Dans les couloirs, une trentaine de petits hommes verts ornent les murs. « Ce sont les photos de notre Carnaval vert : tout le monde se grime et traverse la ville ; on jardine, on nettoie les rues. Chaouen a d’ailleurs gagné le premier prix de Ville propre du Maroc en 1984 ! » Il y a donc vingt-six ans. Encore. Est-ce l’air de la montagne qui nous gagne ? Non, c’est un fait : à Chaouen, l’environnement est aussi implanté que l’olivier ; c’est une culture qui ne date pas d’hier.
Sensibiliser les Ă©lus
Bientôt 16 heures, le maire reçoit tour à tour des conseillers et des citoyens. Tiens ? « L’ancien président de la Commune avait deux bureaux : celui de tous les jours à Rabat, et son annexe à Chaouen ! », s’indigne un administré. « Autant dire que pendant trente ans, il n’était jamais là et que depuis les municipales, il n’est jamais revenu. » Et le nouveau maire ? « Il est là . » Bon début. Mohamed Sefiani a la quarantaine et l’humeur joviale. Rachid, notre prof écolo, entre dans son bureau et les deux hommes ont visiblement plaisir à se voir. « Je l’ai toujours dit : avant de sensibiliser les élèves et la population, il faut sensibiliser les élus. J’ai appris la semaine dernière que le conseil municipal voulait déclarer Chaouen éco-ville, j’étais très surpris. »
Attirer le chaland
Pour le maire, c’est politiquement intelligent. Ce Tétouanais connaît la région comme sa poche et Chaouen ne brille guère pour satisfaire une carrière ambitieuse. « Chaouen n’a pas d’industrie, peu de tourisme et notre agriculture profite surtout à Tanger et à Tétouan. Devenir une éco-ville, c’est promouvoir nos campagnes, notre artisanat, notre patrimoine, et donc, développer le tourisme ! », annonce tout sourire Mohamed Sefiani. Tous ces espoirs écolos simplement pour attirer le chaland ? « évidemment, nous confirme au dîner Jabir El Hbabi, gîteur. écologie, économie, social, c’est le principe même de l’interaction ville-campagne. Valoriser le terroir de la région c’est nous valoriser tous ! » Il dépose une assiette de fromage frais, de tapenade et de zaalouk en attendant le tagine de chevreau aux figues fraîches.

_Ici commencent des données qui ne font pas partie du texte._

(* Let $q$ be a prime power and let $\mathcal{F}$ be a flag on $\mathbb{F}_{q^n}$ whose best friend is the subfield $\mathbb{F}_{q^m}$. Assume that the cyclic orbit flag code $\mathrm{Orb}(\mathcal{F})$ is an optimum distance flag code. Then the type vector of $\mathcal{F}$ is either $(m)$, $(n-m)$ or $(m,n-m)$. In each of these cases $|\mathrm{Orb}(\mathcal{F})|=\frac{q^n-1}{q^m-1}$, which is the largest possible cardinality of an optimum distance flag code on $\mathbb{F}_{q^n}$ of that type.
   Context: A flag of type $(t_1,\ldots,t_r)$ ($r\ge1$) on $\mathbb{F}_{q^n}$ is a sequence $(\mathcal{F}_1,\ldots,\mathcal{F}_r)$ of $\mathbb{F}_q$-subspaces with $\{0\}\subsetneq\mathcal{F}_1\subsetneq\cdots\subsetneq\mathcal{F}_r\subsetneq\mathbb{F}_{q^n}$ and $\dim_{\mathbb{F}_q}\mathcal{F}_i=t_i$. For $\gamma\in\mathbb{F}_{q^n}^*$, $\mathcal{F}\gamma=(\mathcal{F}_1\gamma,\ldots,\mathcal{F}_r\gamma)$ with $\mathcal{U}\gamma=\{u\gamma:u\in\mathcal{U}\}$, and $\mathrm{Orb}(\mathcal{F})=\{\mathcal{F}\gamma:\gamma\in\mathbb{F}_{q^n}^*\}$. A subfield $\mathbb{F}_{q^m}$ is a friend of $\mathcal{F}$ if every $\mathcal{F}_i$ is an $\mathbb{F}_{q^m}$-vector space; the best friend is the largest friend. Subspace distance $d_S(\mathcal{U},\mathcal{V})=\dim(\mathcal{U}+\mathcal{V})-\dim(\mathcal{U}\cap\mathcal{V})$; flag distance $d_f(\mathcal{F},\mathcal{F}')=\sum_i d_S(\mathcal{F}_i,\mathcal{F}'_i)$; the minimum distance of a set of flags is the minimum over distinct pairs ($0$ for a single flag). A set of flags of type $(t_1,\ldots,t_r)$ on $\mathbb{F}_{q^n}$ is an optimum distance flag code if its minimum distance equals $2\left(\sum_{t_i\le\lfloor n/2\rfloor}t_i+\sum_{t_i>\lfloor n/2\rfloor}(n-t_i)\right)$. *)

From HB Require Import structures.
From mathcomp Require Import all_boot all_order all_algebra all_field.
Set Implicit Arguments. Unset Strict Implicit. Unset Printing Implicit Defensive.
Import GRing.Theory.
Local Open Scope ring_scope.
Variables (M : lmodType k) (E : O_action M) (f : V -> M).
Hypotheses (f_lin : is_klinear f) (f_O : forall n x, f (restrict_O L n x) = E n (f x)).

Lemma lift_coinduced x : (fun u => f (word_act u x)) \in coinduced_pred E.
Proof.
have fw_lin a := klinear_comp f_lin (word_act_klinear a).
apply/asboolP; split=> [a b p q|n u] /=.
  rewrite !word_act_cat /= -(klinearB (fw_lin a)) vir_letter_comm.
  by rewrite -(vir_br_klinear _ _ _ (fw_lin a)); apply: vir_br_ext => z; rewrite word_act_cat.
by rewrite -(klinearB f_lin); apply: f_O.
Qed.

Definition coind_lift x : coinduced E := Coinduced (lift_coinduced x).

Lemma coind_liftP :
  [/\ is_klinear coind_lift, forall n x, coind_lift (L n x) = coindL E n (coind_lift x)
    & forall x, coind_lift (C x) = coindC E (coind_lift x)].
Proof.
split=> [a x y|n x|x]; apply: coinduced_ext => u /=; rewrite ?word_act_rcons //.
by rewrite fctE (word_act_klinear u) f_lin.
Qed.

Lemma coind_lift_hw h c v :
  is_hw_vector L C h c v -> coind_lift v = hw_coinduced E h c (f v).
Proof.
move=> v_hw; apply: coinduced_ext; apply: (weight_fun_unique (h := h) (c := c) (E := E)) => //.
- exact: (coinducedP (coind_lift v)).1.
- exact: (coinducedP (coind_lift v)).2.
- move=> u x x_b /=; rewrite word_act_rcons (vir_letter_weight v_hw x_b).
  by rewrite (klinearZ (word_act_klinear u)) (klinearZ f_lin).
- exact: hw_fun_respects_bracket.
- exact: hw_fun_O_equivariant.
- exact: hw_fun_weight.
Qed.

End VirModule.

Lemma coind_eval_nil (k : fieldType) (V : lmodType k) (L : int -> V -> V)
    (M : lmodType k) (E : O_action M) (F : V -> coinduced E) :
  is_klinear F -> (forall n x, F (L n x) = coindL E n (F x)) ->
  is_klinear (fun x => F x [::]) /\ forall n x, F (restrict_O L n x) [::] = E n (F x [::]).
Proof.
move=> F_lin FL; split=> [a x y|n x]; first by rewrite F_lin.
rewrite /restrict_O (klinearB F_lin) !FL /=.
exact: (coinducedP (F x)).2.
Qed.

Theorem proposition3p3 (k : fieldType) (chark : [pchar k] =i pred0) (h c : k)
    (V : lmodType k) (L : int -> V -> V) (C : V -> V) (v : V) :
  is_verma h c L C v -> free_rank1_O (restrict_O L).
Proof.
case=> LC v_hw v_univ; exists v => M e m e_O; pose E := OAction e_O.
have [F [[F_lin Fv FL FC] F_uniq]] :=
  v_univ _ _ _ _ (coind_vir_action E) (hw_coinducedP E h c m).
have [F0_lin F0_O] := coind_eval_nil F_lin FL.
exists (fun x => F x [::]); split=> [|f [f_lin fv f_O]]; first by split; rewrite // Fv.
have f_E : forall n x, f (restrict_O L n x) = E n (f x) := f_O.
have [Phi_lin Phi_L Phi_C] := coind_liftP LC f_lin f_E.
have Phi_v : coind_lift LC f_lin f_E v = hw_coinduced E h c m.
  by rewrite (coind_lift_hw _ _ _ v_hw) fv.
rewrite (F_uniq _ (And4 Phi_lin Phi_v Phi_L Phi_C)).
by apply: funext => x.
Qed.
(* For every integer $n\ge0$ with $n\ne3$ we have $\tilde b(TP_n)\le 2^{n/4}$. Furthermore $\tilde b(TP_3)=2$.
   Context: The triangular path $TP_n$ is the graph with vertex set $[n]$ in which $i\ne j$ are adjacent iff $|i-j|\le2$; $TP_0$ is the empty graph. $\mathrm{Ind}(G)$ is the independence complex of $G$ (including the empty face), and $\tilde b(G)=\sum_{i\ge-1}\dim_{\mathbb{K}}\widetilde H_i(\mathrm{Ind}(G);\mathbb{K})$ for a fixed field $\mathbb{K}$. *)

From HB Require Import structures.
From mathcomp Require Import all_boot all_order all_algebra.
Set Implicit Arguments. Unset Strict Implicit. Unset Printing Implicit Defensive.
Import GRing.Theory Num.Theory.
Local Open Scope ring_scope.

(* A simple graph is a relation [e] on a finite vertex type [V]
   (the graphs considered are symmetric and irreflexive). *)

(* independent sets of a graph = faces of the independence complex Ind(G),
   including the empty face *)
Definition independent (V : finType) (e : rel V) (A : {set V}) : bool :=
  [forall x in A, forall y in A, ~~ e x y].

(* faces of Ind(G) with exactly d vertices (i.e. of dimension d-1) *)
Definition faces (V : finType) (e : rel V) (d : nat) : {set {set V}} :=
  [set A : {set V} | independent e A && (#|A| == d)%N].

(* Simplicial boundary map from (d+1)-vertex faces to d-vertex faces, written
   as a matrix acting on row vectors: entry (A,B) is 0 unless B = A \ {v},
   in which case it is (-1)^(number of vertices of B below v), vertices being
   totally ordered by enum_rank. *)
Definition bdry_coef (K : fieldType) (V : finType) (A B : {set V}) : K :=
  if B \subset A then
    match [pick v in A :\: B] with
    | Some v => (-1) ^+ #|[set u in B | enum_rank u < enum_rank v]%N|
    | None => 0
    end
  else 0.

Definition bdry (K : fieldType) (V : finType) (e : rel V) (d : nat)
  : 'M[K]_(#|faces e d.+1|, #|faces e d|) :=
  \matrix_(i, j) bdry_coef K (enum_val i) (enum_val j).
Lemma in_L_near_center (z : n.-tuple int) : in_L f T sigma z ->
  exists t s, [/\ -2 <= t <= 2, forall r, (r < n.-1)%N -> `|s r| <= T r &
    forall i, (i < n)%N -> `|int_pt R z i - center (time_code t) (coef_codes s) i| <= tube_width].
Proof.
move=> [y [[t [s [ht [sT ys]]]] zy]]; exists t, s; split=> // i ilt.
have := ler_normD (int_pt R z i - y i) (y i - center (time_code t) (coef_codes s) i).
rewrite addrA subrK => /le_trans; apply; apply: lerD.
  exact/ltW/(le_lt_trans (coord_le_vnorm (fun i => int_pt R z i - y i) ilt) zy).
by rewrite ys //; apply: center_near.
Qed.

Lemma M_ge0 : 0 <= M.
Proof.
have [t0 n0] : -2 <= (0 : R) <= 2 /\ (0 < n.-1)%N by split; [apply/andP; split; lra | lia].
have [Gb _] := G_bounds n0 (ltnW n_gt1) t0 t0.
exact: le_trans (normr_ge0 _) Gb.
Qed.

Definition code (t : R) (s : nat -> R) (z : n.-tuple int) : seq R :=
  Rr * (t + 2) :: [seq s r | r <- iota 0 n.-1] ++
  [seq (nth 0 z i - Num.floor (center (time_code t) (coef_codes s) i))%:~R | i <- iota 0 n].

Definition code_bounds : seq R :=
  4 * Rr :: [seq T r | r <- iota 0 n.-1] ++ [seq tube_width + 1 | _ <- iota 0 n].

Lemma prod_code_bounds :
  \prod_(K <- code_bounds) (4 * K) = count_const * Rr * \prod_(r < n.-1) T r.
Proof.
have iota_ord m (F : nat -> R) : \prod_(j <- iota 0 m) F j = \prod_(j < m) F j.
  by rewrite -(big_mkord xpredT) /index_iota subn0.
rewrite big_cons big_cat !big_map /= !iota_ord big_split /= !prodr_const !card_ord.
by rewrite /count_const; ring.
Qed.

Lemma code_bounds_ge1 K : K \in code_bounds -> 1 <= K.
Proof.
have Rr1 := Rr_ge1; rewrite inE mem_cat => /or3P [/eqP -> | /mapP [r] | /mapP [i]]; first lra.
  by rewrite mem_iota => /andP [_ /T_range [sT _]] ->; apply: le_trans sigma_ge1 sT.
move=> _ ->; rewrite lerDr addr_ge0 ?mulr_ge0 ?M_ge0 //.
exact: le_trans ler01 sigma_ge1.
Qed.

Lemma code_in_box t s z : -2 <= t <= 2 -> (forall r, (r < n.-1)%N -> `|s r| <= T r) ->
  (forall i, (i < n)%N -> `|int_pt R z i - center (time_code t) (coef_codes s) i| <= tube_width) ->
  all2 (fun p K => `|p| <= K) (code t s z) code_bounds.
Proof.
move=> t2 sT near; have Rr1 := Rr_ge1.
rewrite /= all2_cat ?size_map // !all2_map; apply/and3P; split.
- by rewrite ger0_norm ?mulr_ge0 ?[4 * Rr]mulrC ?ler_wpM2l //; lra.
- by apply/allP => r; rewrite mem_iota => /andP [_ /sT].
apply/allP => i; rewrite mem_iota => /andP [_ ilt] /=.
have := near i ilt; have := floor_itv (center (time_code t) (coef_codes s) i).
rewrite intrB intrD rmorph1 -/(int_pt R z i) => /andP [fl fg].
by rewrite !ler_norml => /andP [l g]; apply/andP; split; lra.
Qed.

Lemma floor_code_inj t1 s1 z1 t2 s2 z2 :
  map Num.floor (code t1 s1 z1) = map Num.floor (code t2 s2 z2) -> z1 = z2.
Proof.
move=> /= [ecode]; rewrite !map_cat => ecodes.
have := congr1 (take n.-1) ecodes; have := congr1 (drop n.-1) ecodes.
rewrite !take_size_cat ?drop_size_cat ?size_map ?size_iota // -!map_comp => eoff ecoef.
apply: val_inj; apply: (@eq_from_nth _ 0); rewrite ?size_tuple // => i ilt.
have := congr1 (nth 0 ^~ i) eoff; rewrite !(nth_map 0%N) ?size_iota // nth_iota //= !intrKfloor.
have ecoef' : coef_codes s1 = coef_codes s2 by exact: ecoef.
by rewrite /time_code ecode ecoef' => /addIr.
Qed.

Mais vu le contexte national, comment savoir si ce discours tient plus de la langue de bois (d’olivier) ou de la vraie fibre (végétale) écolo ? Le maire parle durée. « Nous avons entamé des démarches structurantes comme l’obtention d’une formation unique au Maroc : en septembre s’ouvrira à Chaouen la première promotion universitaire sur l’environnement et l’écotourisme. Nous ouvrons deux classes. » Le hammam de la ville doit aussi troquer son four à bois pour l’énergie renouvelable, la nouvelle salle polyvalente attend ses panneaux solaires et aucun carrelage ne sera désormais posé en ville s’il n’est pas en pierres taillées de la région. « à terme, je veux aussi faire classer Chaouen au patrimoine immatériel de l’Unesco. Nous soutenons cette candidature en jumelage avec des villes espagnole, grecque et italienne. » Mohamed Sefiani en profite pour faire découvrir la ville aux voisins méditerranéens, c’est toujours cela de pris.

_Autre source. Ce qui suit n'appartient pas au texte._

Lemma euclidean_chart_not_hfpp {X : topologicalType} {n : nat} {U : set X}
    {V : set 'rV[R]_n} (v0 : 'rV[R]_n) :
  (0 < n)%nat -> hausdorff_space X -> open U -> homeomorphic_sets U V ->
  open V -> V v0 -> ~ homotopy_fixed_point_property X.
Proof.
move=> n0 hX oU [psi [phi [psiU phiV [phipsi psiphi] psic phic]]] oV Vv0.
have [del del0 ballV] := rV_open_closed_ball v0 oV Vv0.
have [e e1] := rV_unit_vector n0.
have h0 : 0 < del / 2 by rewrite divr_gt0.
pose rho := segment_retraction v0 (del / 2).
pose seg := segment e v0 (del / 2).
have phiU v : V v -> U (phi v) by move=> Vv; apply: phiV; exists v.
have segB u : ball v0 del (seg u).
  rewrite -ball_normE /= distrC segment_dist //.
  by have /andP[_ u1] := clamp01_itv u; rewrite (le_lt_trans (ler_piMl _ u1)) ?ltW //; lra.
have phi_ball : {in (ball v0 del : set _), continuous phi}.
  rewrite -continuous_open_subspace; last exact: ball_open.
  by apply: continuous_subspaceW phic => v /subset_closed_ball/ballV.
apply: (@interval_retract_not_hfpp X ((rho \o psi) \_ U) (phi \o seg)).
- apply: (@continuous_patch_closed_support _ U (phi @` closed_ball v0 del)) => //.
  + apply: compact_closed hX _; apply: continuous_compact.
      exact: continuous_subspaceW ballV phic.
    exact: rV_closed_ball_compact.
  + by move=> _ [v /ballV Vv <-]; exact: phiU.
  + apply: within_continuous_comp psic => y _.
    exact: continuous_segment_retraction.
  + move=> x Ux nKx; apply: segment_retraction_far => //.
    rewrite mulrC divfK ?pnatr_eq0 //; rewrite leNgt; apply/negP => psix_near.
    apply: nKx; exists (psi x); last exact: phipsi.
    by apply: subset_closed_ball; rewrite -ball_normE /= distrC.
- move=> u; have := phi_ball _ (mem_set (segB u)).
  exact: continuous_comp (continuous_segment _ _ _ _).
- move=> u; have Vseg : V (seg u) by apply/ballV/subset_closed_ball.
  rewrite patchE mem_set /=; last exact: phiU.
  by rewrite psiphi // /rho /seg segment_retractionK.
Qed.

(** * Disks, spheres and cells *)

Lemma continuous_sqnorm n : continuous (@sqnorm n).
Proof.
apply: (@continuous_big R^o); first exact: add_continuous.
move=> i _; apply: continuousRM => v; exact: coord_continuous.
Qed.

Lemma open_disk_open n : open (open_disk n).
Proof.
have -> : open_disk n = @sqnorm n @^-1` [set x | x < 1] by [].
by move/continuousP : (@continuous_sqnorm n); apply; exact: open_lt.
Qed.

Lemma closed_disk_closed n : closed (closed_disk n).
Proof.
have -> : closed_disk n = @sqnorm n @^-1` [set x | x <= 1] by [].
by move/continuous_closedP : (@continuous_sqnorm n); apply; exact: closed_le.
Qed.

Lemma sphere_closed n : closed (sphere n).
Proof.
have -> : sphere n = closed_disk n `&` @sqnorm n @^-1` [set x | 1 <= x].
  apply/seteqP; split => v /=; rewrite /closed_disk /=; first by move=> ->; rewrite lexx.
  by move=> [v1 v1']; apply/eqP; rewrite eq_le v1.
apply: closedI; first exact: closed_disk_closed.
by move/continuous_closedP : (@continuous_sqnorm n); apply; exact: closed_ge.
Qed.

Lemma rV_norm_le (n : nat) (v : 'rV[R]_n) c :
  0 <= c -> (forall i, `|v ord0 i| <= c) -> `|v| <= c.
Proof.
move=> c0 vc; suff : mx_norm v <= c by [].
rewrite mx_normrE; apply: bigmax_le => // -[i j] _.
by rewrite (ord1 i); exact: vc.
Qed.

Lemma closed_disk_compact n : compact (closed_disk n).
Proof.
apply: (@subclosed_compact _ _ (closed_ball (0 : 'rV[R]_n) 1)).
- exact: closed_disk_closed.
- exact: rV_closed_ball_compact.
move=> v v1; rewrite closed_ballE // /closed_ball_ /= sub0r normrN.
apply: rV_norm_le => // i.
have : v ord0 i ^+ 2 <= 1.
  apply: le_trans v1; rewrite /sqnorm (bigD1 i) //= lerDl.
  by apply: sumr_ge0 => j _; exact: sqr_ge0.
rewrite -real_normK ?num_real // => vi1.
by have := normr_ge0 (v ord0 i); nra.
Qed.

Lemma sphere_sub_closed_disk n : sphere n `<=` closed_disk n.
Proof. by move=> v; rewrite /sphere /closed_disk /= => ->. Qed.

Lemma open_disk_sub_closed_disk n : open_disk n `<=` closed_disk n.
Proof. by move=> v /ltW. Qed.

Lemma sphere_compact n : compact (sphere n).
Proof.
apply: (@subclosed_compact _ _ (closed_disk n)).
- exact: sphere_closed.
- exact: closed_disk_compact.
- exact: sphere_sub_closed_disk.
Qed.

Section TopCell.
Context {X : topologicalType} {C : Type} (dim : C -> nat)
  (Phi : forall c : C, 'rV[R]_(dim c) -> X).
Local Notation cell c := (Phi c @` open_disk (dim c)).
Hypothesis hX : hausdorff_space X.
Hypothesis Phic : forall c, {within closed_disk (dim c), continuous (Phi c)}.
Hypothesis cell_uniq : forall x c1 c2, cell c1 x -> cell c2 x -> c1 = c2.
Hypothesis boundary_lower : forall c, exists F : set C,
  [/\ finite_set F, (forall c', F c' -> (dim c').+1 <= dim c)%nat &
      Phi c @` sphere (dim c) `<=` \bigcup_(c' in F) cell c'].
Hypothesis weak_topology :
  forall A : set X, closed A <-> forall c, closed (A `&` closure (cell c)).

Lemma closure_cell {c x} :
  closure (cell c) x -> cell c x \/ (Phi c @` sphere (dim c)) x.
Proof.
have cl_disk : closed (Phi c @` closed_disk (dim c)).
  apply: compact_closed hX _; apply: continuous_compact (Phic c) _.
  exact: closed_disk_compact.
move=> clx; have : (Phi c @` closed_disk (dim c)) x.
  rewrite ((closure_id _).1 cl_disk); apply: closureS clx.
  by move=> _ [v /open_disk_sub_closed_disk vD <-]; exists v.
case=> v; rewrite /closed_disk /= le_eqVlt => /orP[/eqP v1|v1] <-.
  by right; exists v.
by left; exists v.
Qed.

Lemma boundary_not_in_cell {c1 c x} : (dim c1 <= dim c)%nat ->
  (Phi c1 @` sphere (dim c1)) x -> ~ cell c x.
Proof.
move=> c1c bx cx; have [F [_ Fdim Fbd]] := boundary_lower c1.
have [c2 Fc2 c2x] := Fbd x bx.
by move: (leq_trans (Fdim _ Fc2) c1c); rewrite (cell_uniq _ _ _ c2x cx) ltnn.
Qed.

Lemma top_cell_open c : (forall c', (dim c' <= dim c)%nat) -> open (cell c).
Proof.
move=> cmax; rewrite -[cell c]setCK; apply: closed_openC; apply/weak_topology => c'.
have [c'c|c'c] := pselect (c' = c).
  rewrite c'c.
  have -> : ~` cell c `&` closure (cell c) = closure (cell c) `&` Phi c @` sphere (dim c).
    apply/seteqP; split => x /= [x1 x2]; split => //.
      by case: (closure_cell x2).
    exact: boundary_not_in_cell (leqnn _) x2.
  apply: closedI; first exact: closed_closure.
  apply: compact_closed hX _; apply: continuous_compact; last exact: sphere_compact.
  exact: continuous_subspaceW (@sphere_sub_closed_disk _) (Phic c).
have -> : ~` cell c `&` closure (cell c') = closure (cell c').
  apply/seteqP; split => x /=; first by case.
  move=> clx; split => // cx; case: (closure_cell clx) => [c'x|bx].
    exact: c'c (cell_uniq _ _ _ c'x cx).
  exact: boundary_not_in_cell (cmax c') bx cx.
exact: closed_closure.
Qed.

End TopCell.

Lemma bounded_dim_max {C : Type} {dim : C -> nat} {N : nat} (c0 : C) :
  (forall c, (dim c <= N)%nat) -> exists c, forall c', (dim c' <= dim c)%nat.
Proof.
move=> dimN.
have exP : exists k, `[< exists c, dim c = k >].
  by exists (dim c0); apply/asboolP; exists c0.
have ubP k : `[< exists c, dim c = k >] -> (k <= N)%nat by move=> /asboolP[c <-].
case: (ex_maxnP exP ubP) => _ /asboolP[c <-] cmax.
by exists c => c'; apply: cmax; apply/asboolP; exists c'.
Qed.

Lemma point_closed (X : topologicalType) (a : X) :
  hausdorff_space X -> closed [set a].
Proof. by move=> hX; apply: accessible_closed_set1; exact: hausdorff_accessible. Qed.

Lemma rV0_eq (k : nat) (v w : 'rV[R]_k) : k = 0%nat -> v = w.
Proof. by move=> k0; subst k; apply/rowP => -[]. Qed.

Lemma manifold_not_hfpp (n : nat) (X : topologicalType) (a b : X) :
  topological_manifold n X -> b <> a -> ~ homotopy_fixed_point_property X.
Proof.
move=> [hX _ /(_ a)[U [V [oU Ua oV hUV]]]] ba.
case: n => [|n] in V oV hUV *.
  have [psi [phi [_ _ [phipsi _] _ _]]] := hUV.
  have Ua1 : U = [set a].
    apply/seteqP; split => [x Ux|x ->] //=.
    by rewrite -(phipsi x Ux) -(phipsi a Ua); congr phi; exact: rV0_eq.
  by apply: (clopen_not_hfpp [set a] a b) => //; [rewrite -Ua1 | exact: point_closed].
have [psi [_ [psiU _ _ _ _]]] := hUV.
by apply: (euclidean_chart_not_hfpp (psi a) _ hX oU hUV oV) => //; apply: psiU; exists a.
Qed.

Lemma CW_not_hfpp (N : nat) (X : topologicalType) (a b : X) :
  CW_complex N X -> b <> a -> ~ homotopy_fixed_point_property X.
Proof.
move=> [hX [C [dim [Phi [dimN Phic inv [part bd] weak]]]]] ba.
have cell_uniq x c1 c2 : (Phi c1 @` open_disk (dim c1)) x ->
    (Phi c2 @` open_disk (dim c2)) x -> c1 = c2.
  by move=> x1 x2; have [c [_ u]] := part x; rewrite (u c1 x1) (u c2 x2).
have [ca [ca_a _]] := part a.
have [cm cmax] := bounded_dim_max ca dimN.
have top_open := top_cell_open dim Phi hX Phic cell_uniq bd weak.
have [dcm0|dcm_gt0] := posnP (dim cm).
  have cmax' c : (dim c <= dim ca)%nat by rewrite (leq_trans (cmax c)) // dcm0.
  have dca : dim ca = 0%nat by apply/eqP; rewrite -leqn0 -dcm0 cmax.
  have cell_a : Phi ca @` open_disk (dim ca) = [set a].
    apply/seteqP; split => [y [v _ <-]|y ->] //=.
    by case: ca_a => w _ <-; congr Phi; exact: rV0_eq.
  apply: (clopen_not_hfpp [set a] a b) => //; last exact: point_closed.
  by rewrite -cell_a; exact: top_open.
have [psi [psiD Phipsi psiPhi psic]] := inv cm.
apply: (euclidean_chart_not_hfpp (V := open_disk (dim cm)) 0 dcm_gt0 hX (top_open _ cmax)).
- exists psi, (Phi cm); split => //.
  exact: continuous_subspaceW (@open_disk_sub_closed_disk _) (Phic cm).
- exact: open_disk_open.
- by rewrite /open_disk /= /sqnorm big1 // => i _; rewrite mxE expr0n.
Qed.

Theorem corollary4p8 (X : topologicalType) :
  (finite_dim_manifold X \/ finite_dim_CW_complex X) ->
  homotopy_fixed_point_property X ->
  exists x : X, forall y : X, y = x.
Proof.
move=> HX hfpp.
have [p _] := hfpp snd (continuous_subspaceT (fun _ => cvg_snd)).
exists (p 0) => b; apply: contrapT => bp.
case: HX => [[n Xn]|[N XN]].
- exact: manifold_not_hfpp Xn bp hfpp.
- exact: CW_not_hfpp XN bp hfpp.
Qed.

Rachid n’est pas né de la dernière inondation, mais il y croit. « J’ai bien senti le changement. Je profite de l’occasion pour faire part de mes rêves. Le premier date de mon voyage à Strasbourg quand j’ai découvert le quartier de La Petite France. » Il se dit qu’en préservant une architecture traditionnelle avec des ruelles fleuries et une nature valorisée, on attire le vacancier. Il faut donc s’occuper de la médina de Chaouen. Idem quand, à New York, il découvre le quartier de Little Italy : « Cette petite cité typique est dans tous les guides ! » Et quand enfin, il admire près de Broadway ces petits jardins et autres espaces verts entretenus par des bénévoles, il est sûr que Chaouen peut le faire, parole d’expert.
Chaouen en campagne
La différence entre un coup de pub et un projet, c’est la pérennité. Les deux étant compatibles. Le maire lance donc les festivités à l’occasion de la Journée internationale de la Terre. « Pendant une semaine, la ville aura son Carnaval vert, une grande journée de randonnée à travers la région, des tables rondes ouvertes avec des invités étrangers ou encore des concours de photographies et de ruelles propres et fleuries de la médina. Médina que nous repeindrons de pied en cape, à la chaux et au bleu de Chaouen, en début de semaine. » Un Carnaval vert ? Du ramassage de déchets ? Des enfants en rando ? ça nous dit quelque chose. Tout comme le rafraîchissement de la médina qui se fait traditionnellement chaque année. L’idée du maire est claire : les démarches citoyennes ont fait leur preuve, aux autorités de valoriser ce noyau dur pour que la ville en récolte les fruits.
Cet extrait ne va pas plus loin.